Getting the indexed value rather than the stored value

Hi,

I am using the following fieldType to change the index of a given field:

    <fieldtype name="profanity" stored="false" indexed="true"
class="solr.TextField" >
      <analyzer type="index">
        <tokenizer class="solr.StandardTokenizerFactory"/>
        <filter class="solr.KeepWordFilterFactory" words="profane-words.txt"
ignoreCase="true"/>
<filter class="solr.PatternReplaceFilterFactory"
pattern="^(.+)$"
replacement="YES"
replace="all"/>
      </analyzer>
  <analyzer type="query">
        <tokenizer class="solr.StandardTokenizerFactory"/>
      </analyzer>
    </fieldtype>


This is great for finding all things with or without profanity (as separate
queries), but I would like to get the value as part of a the query and let
the consumer of the call decide what to do with the data.

Is there a way to do this w/o having to instantiate a KeepWordFilterFactory
in the Java class that is responsible for inserting the document into Solr?
For example, I know that I can do this in Java code during the insert, but I
would rather get the indexed value (the one that shows up when faceting).

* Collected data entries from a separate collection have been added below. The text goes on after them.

(* For any generalized causal teams $S$ and $T$ over a signature $\sigma$: $S\models^g\bigvee_{\mathcal F\in\mathbb F_\sigma}\big(\Theta^{(T^{\mathcal F})^-}\wedge\Phi^{\mathcal F}\big)$ if and only if $S\preccurlyeq T$.
   Context: A signature $\sigma=(\mathrm{Dom},\mathrm{Ran})$: $\mathrm{Dom}$ nonempty finite set of variables, each with nonempty finite range $\mathrm{Ran}(X)$; $\mathbf X=\mathbf x$ abbreviates $X_1=x_1\wedge\dots\wedge X_n=x_n$ ($\mathbf x\in\prod\mathrm{Ran}(X_i)$), inconsistent if it contains $X=x,X=x'$ with $x\ne x'$. $\mathcal{CO}[\sigma]$: $\alpha::=X=x\mid\neg\alpha\mid\alpha\wedge\alpha\mid\alpha\vee\alpha\mid\mathbf X=\mathbf x\;\Box\!\!\rightarrow\alpha$; $\alpha\supset\beta$ abbreviates $\neg\alpha\vee\beta$; $\bot$ abbreviates $X=x\wedge\neg(X=x)$. Systems of functions $\mathcal F$: for each $V\in\mathrm{En}(\mathcal F)\subseteq\mathrm{Dom}$ parents $PA^{\mathcal F}_V\subseteq\mathrm{Dom}\setminus\{V\}$ and $\mathcal F_V:\mathrm{Ran}(PA^{\mathcal F}_V)\to\mathrm{Ran}(V)$; $\mathrm{Ex}(\mathcal F)=\mathrm{Dom}\setminus\mathrm{En}(\mathcal F)$; only recursive (acyclic parent graph), forming the finite set $\mathbb F_\sigma$. An assignment $s$ is compatible with $\mathcal F$ if $s(V)=\mathcal F_V(s(PA^{\mathcal F}_V))$ for $V\in\mathrm{En}(\mathcal F)$. A generalized causal team is a set $T$ of compatible pairs $(s,\mathcal F)$ with $\mathcal F\in\mathbb F_\sigma$; causal subteams are subsets; $T^-=\{s:(s,\mathcal F)\in T\}$. For consistent $\mathbf X=\mathbf x$: $\mathcal F_{\mathbf X=\mathbf x}$ restricts $\mathcal F$ to $\mathrm{En}(\mathcal F)\setminus\mathbf X$; $s^{\mathcal F}_{\mathbf X=\mathbf x}$: $X_i\mapsto x_i$, $V\mapsto s(V)$ on $\mathrm{Ex}(\mathcal F)\setminus\mathbf X$, $V\mapsto\mathcal F_V(s^{\mathcal F}_{\mathbf X=\mathbf x}(PA^{\mathcal F}_V))$ on $\mathrm{En}(\mathcal F)\setminus\mathbf X$; $T_{\mathbf X=\mathbf x}=\{(s^{\mathcal F}_{\mathbf X=\mathbf x},\mathcal F_{\mathbf X=\mathbf x}):(s,\mathcal F)\in T\}$. $\models^g$: $T\models X=x$ iff $s(X)=x$ for all $s\in T^-$; $T\models\neg\alpha$ iff $\{(s,\mathcal F)\}\not\models\alpha$ for all $(s,\mathcal F)\in T$; $\wedge$ classical; $T\models\alpha\vee\beta$ iff $T=T_1\cup T_2$ with $T_1\models\alpha$, $T_2\models\beta$ (an empty $\vee$-disjunction is $\bot$); $T\models\mathbf X=\mathbf x\;\Box\!\!\rightarrow\alpha$ iff $\mathbf X=\mathbf x$ inconsistent or $T_{\mathbf X=\mathbf x}\models\alpha$. $\mathrm{Cn}(\mathcal F)=\{V\in\mathrm{En}(\mathcal F):\mathcal F_V\text{ constant}\}$; $\mathcal F_V\sim\mathcal G_V$ iff $\mathcal F_V(\mathbf x\mathbf y)=\mathcal G_V(\mathbf x\mathbf z)$ for all $\mathbf x\in\mathrm{Ran}(PA^{\mathcal F}_V\cap PA^{\mathcal G}_V)$, $\mathbf y\in\mathrm{Ran}(PA^{\mathcal F}_V\setminus PA^{\mathcal G}_V)$, $\mathbf z\in\mathrm{Ran}(PA^{\mathcal G}_V\setminus PA^{\mathcal F}_V)$; $\mathcal F\sim\mathcal G$ iff $\mathrm{En}(\mathcal F)\setminus\mathrm{Cn}(\mathcal F)=\mathrm{En}(\mathcal G)\setminus\mathrm{Cn}(\mathcal G)$ and $\mathcal F_V\sim\mathcal G_V$ for each such $V$. $T^{\mathcal F}=\{(s,\mathcal G)\in T:\mathcal G\sim\mathcal F\}$; $S\approx T$ iff $(S^{\mathcal F})^-=(T^{\mathcal F})^-$ for all $\mathcal F\in\mathbb F_\sigma$; $S\preccurlyeq T$ iff $S\approx R$ for some $R\subseteq T$ (and $\emptyset\preccurlyeq T$ always). $\Theta^{A}:=\bigvee_{s\in A}\bigwedge_{V\in\mathrm{Dom}}V=s(V)$ for a set $A$ of assignments ($\bot$ if $A=\emptyset$). With $\mathbf W_V$ listing $\mathrm{Dom}\setminus\{V\}$: $\Phi^{\mathcal F}:=\bigwedge_{V\in\mathrm{En}(\mathcal F)\setminus\mathrm{Cn}(\mathcal F)}\eta(V)\wedge\bigwedge_{V\notin\mathrm{En}(\mathcal F)\setminus\mathrm{Cn}(\mathcal F)}\xi(V)$, where $\eta(V)$ is the conjunction of all $(\mathbf W=\mathbf w\wedge PA^{\mathcal F}_V=\mathbf p)\;\Box\!\!\rightarrow V=\mathcal F_V(\mathbf p)$ ($\mathbf W$ listing $\mathrm{Dom}\setminus(PA^{\mathcal F}_V\cup\{V\})$, $\mathbf w\in\mathrm{Ran}(\mathbf W)$, $\mathbf p\in\mathrm{Ran}(PA^{\mathcal F}_V)$) and $\xi(V)$ is the conjunction of all $V=v\supset(\mathbf W_V=\mathbf w\;\Box\!\!\rightarrow V=v)$ ($v\in\mathrm{Ran}(V)$, $\mathbf w\in\mathrm{Ran}(\mathbf W_V)$). *)

From mathcomp Require Import all_boot.

Record signature := Signature {
  var : finType;
  ran : var -> finType;
  var0 : var;
  ran0 : forall X : var, ran X }.

Set Implicit Arguments.
Unset Strict Implicit.
Unset Printing Implicit Defensive.

Section CO.
Variable sg : signature.
Local Notation V := (var sg).
Local Notation Ran := (ran sg).

Definition assn := {dffun forall v : V, Ran v}.

Definition atom := {X : V & Ran X}.

(* Syntax of CO[sigma].  An intervention antecedent X = x is a sequence of
   atoms (X_1 = x_1 /\ ... /\ X_n = x_n). *)
Inductive form :=
| FEq (X : V) (x : Ran X)
| FNeg (a : form)
| FAnd (a b : form)
| FOr (a b : form)
| FCf (xs : seq atom) (a : form).

Definition FImp (a b : form) := FOr (FNeg a) b.
Definition FBot : form := FAnd (FEq (@ran0 sg (var0 sg))) (FNeg (FEq (@ran0 sg (var0 sg)))).

Fixpoint bigOr (l : seq form) : form :=
  match l with
  | [::] => FBot
  | [:: a] => a
  | a :: l' => FOr a (bigOr l')
  end.
(* (the empty conjunction never occurs below since all ranges and Dom are
   nonempty; we use bottom as a dummy value) *)
Fixpoint bigAnd (l : seq form) : form :=
  match l with
  | [::] => FBot
  | [:: a] => a
  | a :: l' => FAnd a (bigAnd l')
  end.

(* F_V is encoded as a function of the
   whole assignment that (for V in En) depends only on the PA_V coordinates;
   outside En the data is fixed to a canonical default. *)
Definition sys := ({set V} * {ffun V -> {set V}} * {dffun forall v : V, {ffun assn -> Ran v}})%type.
Definition En (F : sys) : {set V} := F.1.1.
Definition PA (F : sys) (v : V) : {set V} := F.1.2 v.
Definition Fn (F : sys) (v : V) : assn -> Ran v := fun s => F.2 v s.

Definition parent_rel (F : sys) : rel V := fun a b => a \in PA F b.
Lemma alpha_integrand_pairE :
  alpha_integrand a x1 (c * ws) + alpha_integrand a x2 (c * (1 - ws)) =
  alpha_integrand a (x1 + x2) c.
Proof.
rewrite -[RHS](alpha_integrand_split a _ _ ws01) ?addr_ge0 //.
by rewrite -x1E -x2E.
Qed.

Let splitE : c = (c * w + c * (1 - w))%R.
Proof. by rewrite -mulrDr subrKC mulr1. Qed.

Let cw0 : (0 <= c * w)%R.
Proof. by case/andP: w01 => w0 _; rewrite mulr_ge0. Qed.

Let cw1 : (0 <= c * (1 - w))%R.
Proof. by case/andP: w01 => _ w1; rewrite mulr_ge0 ?subr_ge0. Qed.

Lemma alpha_pair_ge : (0 < a < 1)%R ->
  alpha_integrand a x1 (c * w) + alpha_integrand a x2 (c * (1 - w)) <=
  alpha_integrand a x1 (c * ws) + alpha_integrand a x2 (c * (1 - ws)).
Proof.
move=> a01; rewrite alpha_integrand_pairE [in X in _ <= X]splitE.
exact: alpha_integrand_hoelder.
Qed.

Lemma alpha_pair_le : (a < 0 \/ 1 < a)%R ->
  alpha_integrand a x1 (c * ws) + alpha_integrand a x2 (c * (1 - ws)) <=
  alpha_integrand a x1 (c * w) + alpha_integrand a x2 (c * (1 - w)).
Proof.
move=> a01; rewrite alpha_integrand_pairE [in X in X <= _]splitE.
exact: alpha_integrand_rev_hoelder.
Qed.

End alpha_pair.

Section optimal_weight.
Context {R : realType} {d : nat}.
Variables (A : set (d.-tuple R)) (th : d.-tuple R) (p f ws : d.-tuple R -> R).
Hypotheses (mA : measurable A) (symA : symmetric_set th A).
Hypotheses (mp : measurable_fun A p) (mf : measurable_fun A f) (mws : measurable_fun A ws).
Hypotheses (p0 : forall t, A t -> 0 <= p t) (f0 : forall t, A t -> 0 <= f t).
Hypothesis fsym : symmetric_fun th A f.
Hypothesis ws01 : forall t, A t -> 0 <= ws t <= 1.
Hypothesis ws_refl : forall t, A t -> ws t = 1 - ws (refl th t).
Hypothesis p_split : forall t, A t -> p t = (p t + p (refl th t)) * ws t.

Local Notation qs := (fun t => 2 * f t * ws t).

Let p_split_refl t : A t -> p (refl th t) = (p t + p (refl th t)) * (1 - ws t).
Proof. by move=> At; rewrite mulrBr mulr1 -p_split //; ring. Qed.

Let measurable_2fM (w : d.-tuple R -> R) :
  measurable_fun A w -> measurable_fun A (fun t => 2 * f t * w t).
Proof. by move=> mw; apply: measurable_funM => //; apply: measurable_funM. Qed.

Let refl_2fM (w : d.-tuple R -> R) t : A t -> w t = 1 - w (refl th t) ->
  2 * f (refl th t) * w (refl th t) = 2 * f t * (1 - w t).
Proof. by move=> At wE; rewrite -fsym // wE subKr. Qed.

Lemma inQ_weight : inQ A th f qs.
Proof. by exists ws; split => //; exact: measurable_2fM. Qed.

Let inQ_pair q : inQ A th f q -> measurable_fun A q /\ exists2 w : d.-tuple R -> R,
  (forall t, A t -> 0 <= w t <= 1) &
  (forall t, A t -> q t = 2 * f t * w t /\ q (refl th t) = 2 * f t * (1 - w t)).
Proof.
move=> [w [mw w01 w_refl qE]]; split.
  by apply: eq_measurable_fun (measurable_2fM mw) => t /set_mem /qE.
exists w => // t At; split; first exact: qE.
by rewrite qE; [exact: refl_2fM At (w_refl t At)|exact: symA].
Qed.

Lemma D_TV_weight_le q : inQ A th f q -> (D_TV A p qs <= D_TV A p q)%E.
Proof.
move=> /inQ_pair[mq [w _ qE]].
have mTV (r : d.-tuple R -> R) :
    measurable_fun A r -> measurable_fun A (fun t => (`|p t - r t|)%:E).
  move=> mr; apply/measurable_EFinP; apply: measurableT_comp.
    exact: normr_measurable.
  exact: measurable_funB.
rewrite /D_TV; apply: lee_wpmul2l; first by rewrite lee_fin invr_ge0.
apply: (le_int_on_refl_pair mA symA (mTV _ (measurable_2fM mws)) (mTV _ mq)).
- by move=> t _; rewrite lee_fin.
- by move=> t _; rewrite lee_fin.
move=> t At.
rewrite -!EFinD lee_fin (refl_2fM At (ws_refl At)); case: (qE t At) => -> ->.
exact: tv_pair_le (ws01 At) (p_split At) (p_split_refl At).
Qed.

Let f2_ge0 t : A t -> 0 <= 2 * f t.
Proof. by move=> At; rewrite mulr_ge0 ?f0. Qed.

Let measurable_alpha (a : R) (r : d.-tuple R -> R) : measurable_fun A r ->
  measurable_fun A (fun t => alpha_integrand a (p t) (r t)).
Proof.
move=> mr; apply: emeasurable_funM.
- exact: measurableT_comp (measurable_epow a) mp.
- exact: measurableT_comp (measurable_epow (1 - a)) mr.
Qed.

Lemma int_alpha_weight_ge a q : 0 < a < 1 -> inQ A th f q ->
  (int_on A (fun t => alpha_integrand a (p t) (q t)) <=
   int_on A (fun t => alpha_integrand a (p t) (qs t)))%E.
Proof.
move=> a01 /inQ_pair[mq [w w01 qE]].
apply: (le_int_on_refl_pair mA symA).
- exact: measurable_alpha mq.
- exact: measurable_alpha (measurable_2fM mws).
- by move=> t _; exact: alpha_integrand_ge0.
- by move=> t _; exact: alpha_integrand_ge0.
move=> t At; rewrite (refl_2fM At (ws_refl At)); case: (qE t At) => -> ->.
exact: alpha_pair_ge (p0 At) (p0 (symA At)) (f2_ge0 At) (w01 t At) (ws01 At)
  (p_split At) (p_split_refl At) a01.
Qed.

Lemma int_alpha_weight_le a q : a < 0 \/ 1 < a -> inQ A th f q ->
  (int_on A (fun t => alpha_integrand a (p t) (qs t)) <=
   int_on A (fun t => alpha_integrand a (p t) (q t)))%E.
Proof.
move=> a01 /inQ_pair[mq [w w01 qE]].
apply: (le_int_on_refl_pair mA symA).
- exact: measurable_alpha (measurable_2fM mws).
- exact: measurable_alpha mq.
- by move=> t _; exact: alpha_integrand_ge0.
- by move=> t _; exact: alpha_integrand_ge0.
move=> t At; rewrite (refl_2fM At (ws_refl At)); case: (qE t At) => -> ->.
exact: alpha_pair_le (p0 At) (p0 (symA At)) (f2_ge0 At) (w01 t At) (ws01 At)
  (p_split At) (p_split_refl At) a01.
Qed.

Lemma D_alpha_weight_le a q : a != 0 -> a != 1 -> inQ A th f q ->
  (D_alpha A a p qs <= D_alpha A a p q)%E.
Proof.
move=> a0 a1 hq; rewrite /D_alpha.
have [a01|a_out] : 0 < a < 1 \/ (a < 0 \/ 1 < a).
  have [a_lt0|a_ge0] := ltrP a 0; first by right; left.
  have [a_gt1|a_le1] := ltrP 1 a; first by right; right.
  by left; rewrite !lt_neqAle eq_sym a0 a_ge0 a1 a_le1.
- apply: lee_wpmul2l.
    case/andP: a01 => a_gt0 a_lt1.
    by rewrite lee_fin invr_ge0 mulr_ge0 // ?subr_ge0; apply: ltW.
  exact: leeB (lexx _) (int_alpha_weight_ge a01 hq).
- have k_lt0 : (a * (1 - a))^-1 < 0 by rewrite invr_lt0; case: a_out => ?; nra.
  rewrite -(opprK (a * (1 - a))^-1) EFinN !mulNe leeN2.
  apply: lee_wpmul2l; first by rewrite lee_fin oppr_ge0 ltW.
  exact: leeB (lexx _) (int_alpha_weight_le a_out hq).
Qed.

End optimal_weight.

Section weight_ratio.
Context {R : realType}.

Definition weight_ratio (u v : R) : R :=
  if (u == 0) && (u + v == 0) then 2^-1 else u / (u + v).

Variables (u v : R).
Hypotheses (u0 : 0 <= u) (v0 : 0 <= v).

Let uv0 : u + v = 0 -> u = 0 /\ v = 0.
Proof. by move/eqP; rewrite paddr_eq0 // => /andP[/eqP -> /eqP ->]. Qed.

Lemma weight_ratio_itv : 0 <= weight_ratio u v <= 1.
Proof.
rewrite /weight_ratio; have [uv|uv] := eqVneq (u + v) 0.
  have [-> ->] := uv0 uv.
  by rewrite addr0 eqxx /= invr_ge0 ler0n invf_le1 ?ltr0n ?ler1n.
have uv_gt0 : 0 < u + v by rewrite lt0r uv addr_ge0.
by rewrite andbF divr_ge0 ?addr_ge0 //= ler_pdivrMr // mul1r lerDl.
Qed.

Lemma weight_ratioC : weight_ratio u v = 1 - weight_ratio v u.
Proof.
rewrite /weight_ratio (addrC v u); have [uv|uv] := eqVneq (u + v) 0.
  by have [-> ->] := uv0 uv; rewrite eqxx /=; field.
by rewrite !andbF; field.
Qed.

Lemma weight_ratio_split : u = (u + v) * weight_ratio u v.
Proof.
rewrite /weight_ratio; have [uv|uv] := eqVneq (u + v) 0.
  by have [-> ->] := uv0 uv; rewrite addr0 mul0r.
by rewrite andbF mulrC divfK.
Qed.

End weight_ratio.

Lemma measurable_weight_ratio {R : realType} {d : measure_display} (T : measurableType d)
    (D : set T) (g h : T -> R) :
  measurable D -> measurable_fun D g -> measurable_fun D h ->
  (forall t, D t -> 0 <= g t) -> (forall t, D t -> 0 <= h t) ->
  measurable_fun D (fun t => weight_ratio (g t) (h t)).
Proof.
move=> mD mg mh g0 h0.
have mgh : measurable_fun D (fun t => g t + h t) by exact: measurable_funD.
apply: (eq_measurable_fun (fun t => if g t + h t == 0 then 2^-1
                                     else g t * (g t + h t) `^ (-1))).
  move=> t /set_mem Dt; rewrite /weight_ratio; have [gh|gh] := eqVneq (g t + h t) 0.
    by move/eqP: gh; rewrite (paddr_eq0 (g0 t Dt) (h0 t Dt)) => /andP[-> _].
  by rewrite andbF powR_inv1 // addr_ge0 ?g0 ?h0.
apply: measurable_fun_if => //.
- by apply: (measurable_fun_eqr (g := fun=> 0)) => //; exact: measurable_cst.
- apply: (measurable_funS mD (@subIsetl _ _ _)); apply: measurable_funM => //.
  exact: measurableT_comp (measurable_powR _) mgh.
Qed.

Please let me know if this is not clear.

Thanks,
Christian

Re: Getting the indexed value rather than the stored value

Posted by Chris Hostetter <ho...@fucit.org>.
: However, when I get the value of the field from a Solr query, I get the
: original sentence ("some sentence like this") which is not what I want (in
: this particular case).

the stored field is allways the original stored value -- analysis is only 
used for producing the indexed terms.

: For now, i ended up creating a custom updateprocessor and configured it in
: solrconfig.xml, but I would still like to know if there's a way through the
: SOLR API to get the actual indexed value (like the way the SOLR api does it)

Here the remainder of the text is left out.